Forse è più frequente, come già detto, incontrare il coniuge maschile traboccante di calore sessuale che non quello femminile, nonostante che il marito debba spendere nell’amplesso una riserva dì energie fisiche notevolmente superiore a quello della moglie, lo troviamo quasi sempre desideroso di soddisfare le sue esigenze sessuali e di appagare i suoi stimoli erotici.

Questi uomini generalmente non conoscono riserve e discrezione e pretendono che la loro compagna si conceda ai loro piaceri senza limiti e senza misura.

Non posso assolutamente autorizzare una donna ad opporsi a questa pretesa che rientra nell’autorità di un marito; sono però obbligato a ricordare all’uomo che egli ha il preciso dovere di esercitare sobrietà e discrezione a beneficio della propria compagna.

L’incontinenza spinta fino al vizio avvilisce la donna ma, soprattutto, la rende ostile verso l’amplesso. Ella continua a concedersi, perché come moglie cristiana non può e non deve fare diversamente, ma lo fa con un senso di disgusto e di ripugnanza.

Quell’amplesso quindi, che dovrebbe rappresentare il coronamento di un affetto traboccante, si traduce in un sudicio atto sessuale, necessario a soddisfare la frenesia passionale dell’uomo.

Inoltre, non dimentichiamoci, la donna affronta per intero le probabili conseguenze del coito e quando questo si compie senza il suo affettuoso e caldo assenso, ella oltre al disgusto, prova il terrore della eventuale conseguenza, cioè il terrore del concepimento.

Molte donne vivono una vita di nausea e di terrore femminile, perché dopo aver avuto ripetute gravidanze devono continuare a darsi, non più per il calore dell’amore, ma per la sottomissione che le obbliga ad un marito esageratamente incontinente. Non è raro il caso di giovani spose che dopo aver attraversato varie gestazioni penose, dopo aver avuto diversi parti dolorosi, si trovano con tre o quattro piccolissimi bambini fra le braccia che tolgono loro ogni riposo ed ogni tregua.
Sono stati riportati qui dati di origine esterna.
(* For every integer $m\ge3$, $\mathrm{sn}(\mathrm{SUD}_m)=\underline{\mathrm{lcs}}(\mathrm{SUD}_m)=m^4-3m^2+3m$.
   Context: $\mathrm{SUD}_m$ is the hypergraph whose vertex set is the $m^2\times m^2$ grid $[m^2]\times[m^2]$ and whose $3m^2$ hyperedges are the $m^2$ rows, the $m^2$ columns, and the $m^2$ disjoint $m\times m$ blocks (the sets $\{(a,b): \lceil a/m\rceil=i,\lceil b/m\rceil=j\}$ for $i,j\in[m]$). A (weak) colouring of a hypergraph with $k$ colours is a map from its vertex set to $[k]$ such that no hyperedge is monochromatic; $\chi$ is the least $k$ for which such a colouring exists (here $\chi(\mathrm{SUD}_m)=2$). For a $\chi$-colouring $c$, a vertex set $S$ is a determining set if no other $\chi$-colouring agrees with $c$ on $S$; a critical set is an inclusion-minimal determining set. $\mathrm{scs}(H,c)$ and $\mathrm{lcs}(H,c)$ are the sizes of a smallest resp. largest critical set for $(H,c)$; $\mathrm{sn}(H)=\min_c\mathrm{scs}(H,c)$ and $\underline{\mathrm{lcs}}(H)=\min_c\mathrm{lcs}(H,c)$, minima over all $\chi(H)$-colourings $c$. *)

From mathcomp Require Import all_boot.
Set Implicit Arguments. Unset Strict Implicit. Unset Printing Implicit Defensive.

Section Hyper.
Variables (V : finType) (E : {set {set V}}).

Definition colouring (k : nat) := {ffun V -> 'I_k}.

Definition proper k (c : colouring k) : bool :=
  [forall e in E, ~~ [forall x in e, forall y in e, c x == c y]].

(* chromatic number: least k admitting a proper k-colouring
   (bounded search; default #|V|.+1 if none exists) *)
Definition chi : nat :=
  \big[minn/#|V|.+1]_(k < #|V|.+2 | [exists c : colouring k, proper c]) (k : nat).

Definition determining k (c : colouring k) (S : {set V}) : bool :=
  [forall c' : colouring k, proper c' ==> [forall x in S, c' x == c x] ==> (c' == c)].

Definition critical k (c : colouring k) (S : {set V}) : bool :=
  determining c S && [forall S' : {set V}, (S' \proper S) ==> ~~ determining c S'].

Definition scs k (c : colouring k) : nat :=
  \big[minn/#|V|]_(S : {set V} | critical c S) #|S|.
Definition lcs k (c : colouring k) : nat :=
  \max_(S : {set V} | critical c S) #|S|.

Definition sn : nat :=
  \big[minn/#|V|]_(c : colouring chi | proper c) scs c.
Definition lcs_min : nat :=
  \big[minn/#|V|]_(c : colouring chi | proper c) lcs c.
End Hyper.

(* The Sudoku hypergraph SUD_m on the (m^2 x m^2) grid, 0-indexed. *)
Definition SUD_V (m : nat) : finType := ('I_(m ^ 2) * 'I_(m ^ 2))%type.

Definition SUD_E (m : nat) : {set {set SUD_V m}} :=
  [set [set x : SUD_V m | x.1 == i] | i : 'I_(m ^ 2)] :|:
  [set [set x : SUD_V m | x.2 == j] | j : 'I_(m ^ 2)] :|:
  [set [set x : SUD_V m | (x.1 %/ m == p.1) && (x.2 %/ m == p.2)]
     | p : ('I_m * 'I_m)%type].

From Pilot Require Import Defs.
From mathcomp Require Import all_boot all_order zify.
Set Implicit Arguments. Unset Strict Implicit. Unset Printing Implicit Defensive.
Import Order.TTheory.

(* For a 2-colouring c, a vertex v owns a hyperedge e if v is the only vertex of e
   with colour c v. Recolouring a vertex that owns nothing keeps the colouring proper,
   so every determining set contains all non-owners; conversely, when all owners have
   the same colour the non-owners already determine c and form its only critical set.
   Hence both invariants equal m^4 minus the largest possible number of owners.
   In SUD_m a row (or column) and a block of the same band share m >= 3 cells, so
   owners of the two have the same colour. Thus a block meeting an owned row, or lying
   in a band whose rows are all owned, has no fresh owner (one owning neither its row
   nor its column), and counting band by band bounds the owners by 3m^2 - 3m. Equality
   holds for the colouring marking the corner of every off-diagonal block and the first
   row and column, minus their common corner, of every diagonal block: its owners are
   exactly the marked cells. *)

Lemma bigminn_le_cond (I : finType) (P : pred I) (F : I -> nat) x j :
  P j -> \big[minn/x]_(i | P i) F i <= F j.
Proof. by move=> Pj; have := bigmin_le_cond x F Pj; rewrite minEnat leEnat. Qed.

Lemma bigminn_geq (I : finType) (P : pred I) (F : I -> nat) x n :
  n <= x -> (forall i, P i -> n <= F i) -> n <= \big[minn/x]_(i | P i) F i.
Proof. by move=> nx nF; apply: (big_ind (leq n)) => // a b; rewrite leq_min => ->. Qed.

Lemma card_fibres (T I : finType) (f : T -> I) (P : pred T) :
  #|[set x | P x]| = \sum_(a : I) #|[set x | (f x == a) && P x]|.
Proof.
rewrite -sum1_card (partition_big f predT) //=; apply: eq_bigr => a _.
by rewrite -sum1_card; apply: eq_bigl => x; rewrite !inE andbC.
Qed.

Lemma card_set_predC (T : finType) (P : pred T) :
  #|[set x | ~~ P x]| = #|T| - #|[set x | P x]|.
Proof. by rewrite -(cardsC [set x | P x]) addKn; apply: eq_card => x; rewrite !inE. Qed.

Lemma exists_avoid2 (T : finType) (A : {set T}) (v w : T) :
  2 < #|A| -> exists z, [/\ z \in A, z != v & z != w].
Proof.
move=> A3; have : 0 < #|A :\: [set v; w]|.
  by rewrite cardsD; have := subset_leq_card (subsetIr A [set v; w]); rewrite cards2; lia.
by case/card_gt0P => z; rewrite !inE negb_or => /andP [/andP [zv zw] zA]; exists z.
Qed.

Lemma ord2_eq (a b k : 'I_2) : k != a -> k != b -> a = b.
Proof. by case: a b k => [[|[|?]] ?] [[|[|?]] ?] [[|[|?]] ?] //= *; apply/val_inj. Qed.

Section Colourings.
Variables (V : finType) (E : {set {set V}}).

Lemma determiningT k (c : colouring V k) : determining E c setT.
Proof.
apply/forallP => c'; apply/implyP => _; apply/implyP => /forall_inP agree.
by apply/eqP/ffunP => x; apply/eqP/agree; rewrite inE.
Qed.

Lemma criticalP k (c : colouring V k) S :
  reflect (determining E c S /\ forall S', determining E c S' -> S' \subset S -> S' = S)
          (critical E c S).
Proof.
apply: (iffP andP) => -[dS minS]; split=> //.
  move=> S' dS' sub; apply/eqP; rewrite eqEproper sub /=.
  by apply: contraL dS' => ltS; move/forallP/(_ S')/implyP: minS; apply.
apply/forallP => S'; apply/implyP => ltS; apply/negP => dS'.
by move: (ltS); rewrite (minS S' dS' (proper_sub ltS)) properxx.
Qed.

Lemma exists_critical k (c : colouring V k) : exists S, critical E c S.
Proof.
have [S /minsetP [dS minS]] := ex_minset (ex_intro _ setT (determiningT c)).
by exists S; apply/criticalP.
Qed.
(* Let $R$ be a ring and $T$ a right $R$-module. Assume that either (1) $R$ is right perfect, or (2) $R$ is semiperfect and $T$ is finitely presented, or (3) $T$ has projective dimension at most $1$. Then $T$ is $\tau$-rigid if and only if $\operatorname{Gen}T\subseteq T^{\perp}$. In particular, if $T$ is quasi-tilting, then $T$ is $\tau$-rigid.
   Context: A module $T$ is $\tau$-rigid if there exists a projective presentation $P_1\xrightarrow{\varphi}P_0\to T\to 0$ such that $\operatorname{Hom}_R(\varphi,M)$ is surjective for every $M\in\operatorname{Gen}T$. $\operatorname{Gen}T$ is the class of epimorphic images of direct sums of copies of $T$; $\operatorname{Pres}T$ is the class of modules $M$ admitting an exact sequence $T_1\to T_0\to M\to 0$ with $T_0,T_1$ direct summands of direct sums of copies of $T$; $T^{\perp}=\{M:\operatorname{Ext}^1_R(T,M)=0\}$. $T$ is quasi-tilting if $\operatorname{Pres}T=\operatorname{Gen}T\subseteq T^{\perp}$. *)

(* Right R-modules are modelled as left modules over the
   converse ring R^c (lmodType R^c); module maps are {linear _ -> _}. *)
From HB Require Import structures.
From mathcomp Require Import all_boot all_order all_algebra.
Set Implicit Arguments. Unset Strict Implicit. Unset Printing Implicit Defensive.
Import GRing.Theory.
Local Open Scope ring_scope.

Section ModDefs.
Variable R : pzRingType.
Notation rmod := (lmodType R^c).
Molte volte queste eroiche madri, dopo aver sfibrato il loro fisico nei lavori della giornata, dopo aver vegliato per una parte della notte sulle culle dei loro piccoli, sanno che nel letto non le attende il sospirato riposo, ma un marito egoisticamente esigente che continua a reclamare ogni giorno, e in ogni ora l’offerta di un corpo che non può neanche fremere, l’offerta di una sposa che non può contraccambiare a causa dell’avvilimento fisico generato dalla stanchezza.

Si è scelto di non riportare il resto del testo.